JACQUES LACAN by Massimo Recalcati (IV)
- 4 days ago
- 3 min read
Non è più come prima
“Più io ti do, più io ho.” — Romeo and Juliet

There is a phrase that runs through love like a paradox: the more I give, the more I have. It is not about accumulation, but dispossession. It is not about holding on, but about losing something so that something may exist. To love has never meant preserving the self intact; it has always implied a transformation.
But not every love operates in the same way.
Narcissistic love does not see the other: it looks at itself in them. The other functions as a mirror, as a reflective surface in which the self confirms its own image. There is no encounter; there is repetition. There is no alterity; there is self-affirmation. One loves to suture one’s own void, not to sustain a shared lack. The other is not necessary as a subject, but as a function. One does not seek one's desire; one seeks confirmation of one’s own.
It is a love that risks nothing. That loses nothing.
Oedipal love, by contrast, is organized around an earlier scene. It loves while searching for the father or the mother. In the love choice, a gesture, a tone, a detail appears that reactivates an infantile inscription. In desire, the object a becomes fixed: a minimal trait that sustains the fantasy. One is not faithful to the person, but to the scene that precedes them.
Both narcissistic and Oedipal love reduce the other to the support of an internal structure. In both cases, the encounter remains subordinated to repetition.
There exists, however, another modality of love. Not as a superior form, but as a distinct operation.
For Lacan, to love is to address oneself to the proper name of the other. Not to the trait that fits my history. Not to the attribute that satisfies my fantasy. To love implies recognizing a singularity that cannot be absorbed into my psychic economy. Desire is sustained by fantasy; love introduces a wager on the subject.
Love does not redeem or complete. But it knots. It orients. It introduces a chosen limit amid the dispersion of desire. Fidelity is not repression, but decision. It does not eliminate lack; it organizes it around a name.

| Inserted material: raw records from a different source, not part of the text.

(* Let $r\ge 1$. If an $r$-cap exists, then $r\le R$; specifically, there is a constant $b$ such that for every $k\in\{0,1,2,\dots\}$ there is a wall whose graph has clique size $k$ and which uses at least $rk-b$ colors.
   Context: All graphs are finite; $\omega(G)$ is the clique number. $R := \sup\{\chi_{FF}(G)/\omega(G) : G \text{ a nonempty interval graph}\}$, where $\chi_{FF}(G)$ is the maximum over all vertex orders of the number of colors used by the first-fit algorithm (which colors vertices in order, giving each the least positive integer not used on an earlier neighbor). An interval graph $G=(V,E)$ comes with an interval representation $v\mapsto I_v$ (intervals of $\mathbb{R}$, distinct $u,v$ adjacent iff $I_u\cap I_v\ne\emptyset$). $N[v]$ is the closed neighborhood of $v$, and $f(U)$ is the image of $U$ under $f$. A wall is a pair $(G,f)$ where $G$ is an interval graph on vertex set $V$ with a given interval representation, $f\colon V\to\{1,2,\dots\}$ is a proper coloring, and $f(N[v])\supseteq\{1,\dots,f(v)\}$ for every $v\in V$; it uses $|f(V)|$ colors, and its clique size is $\omega(G)$. An $r$-cap is a tuple $(G,f,v\mapsto I_v, v\mapsto J_v, v\mapsto c_v)$ where: $G$ is a finite nonempty interval graph on vertex set $V$ with interval representation $v\mapsto I_v$ (intervals of finite length); $f\colon V\to\{0,-1,-2,\dots\}$ is a proper coloring of $G$ with $f(v)=0$ for some $v\in V$; for each $v\in V$, $J_v\subseteq I_v$ is an interval of positive length, and for all $u,v\in V$, $J_u\cap J_v\ne\emptyset$ implies $J_u=J_v$; writing $C_v := f(\{u\in V : I_u\cap J_v\ne\emptyset\})$, for each $v\in V$ there is $c_v\in\{-1,-2,\dots\}$ with $|C_v\cap(-\infty,c_v]|=0$, $|C_v\cap(c_v,0]|\le -c_v/r$, and $\mathbb{Z}\cap(c_v,f(v)]\subseteq f(N[v])$. *)

From HB Require Import structures.
From mathcomp Require Import all_boot all_order all_algebra.
From mathcomp Require Import boolp classical_sets reals constructive_ereal ereal.
From mathcomp Require Import Rstruct.
From mathcomp Require Import fingroup perm.
From Stdlib Require Import Rdefinitions.
Set Implicit Arguments. Unset Strict Implicit. Unset Printing Implicit Defensive.
Import Order.TTheory GRing.Theory Num.Theory.
Local Open Scope ring_scope.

In the obsessive structure, love may be experienced as a threat to the self's sovereignty. To surrender implies renouncing absolute control over possibilities. Keeping all options open seems to guarantee freedom, but that unlimited freedom ends up emptying the act. Without decision, there is no bond; only fantasy.
Idealization and aggressiveness sustain each other. When the other ceases to embody the image that sustained the fantasy, hostility emerges. Not because the other has changed, but because the imaginary consistency that enveloped them has fractured.
The only structural betrayal is not moral. It is a betrayal of one’s own desire. One may lie, deceive, or conceal. But the true break occurs when one evades that which constitutes us, when one prefers to know nothing of the desire that insists.
Betrayal may feel like a phantom limb: something that is no longer there yet continues to hurt. The body remembers even what it has lost. The relationship ends, but the scene persists. Not because the other remains, but because the fantasy has not been traversed.
To forgive is not to forget. It is not to turn the page. As Jacques Derrida suggests, to forgive is to confront the unforgivable. What can be calculated does not require forgiveness. True forgiveness does not respond to justice, but to a decision that exceeds exchange.
To love is not to repeat. Not to complete. Not to possess.
To love is to accept that it is no longer as it once was.
That something has changed.
And to decide, nonetheless, to sustain the proper name of the other… without reducing it to one’s own fantasy.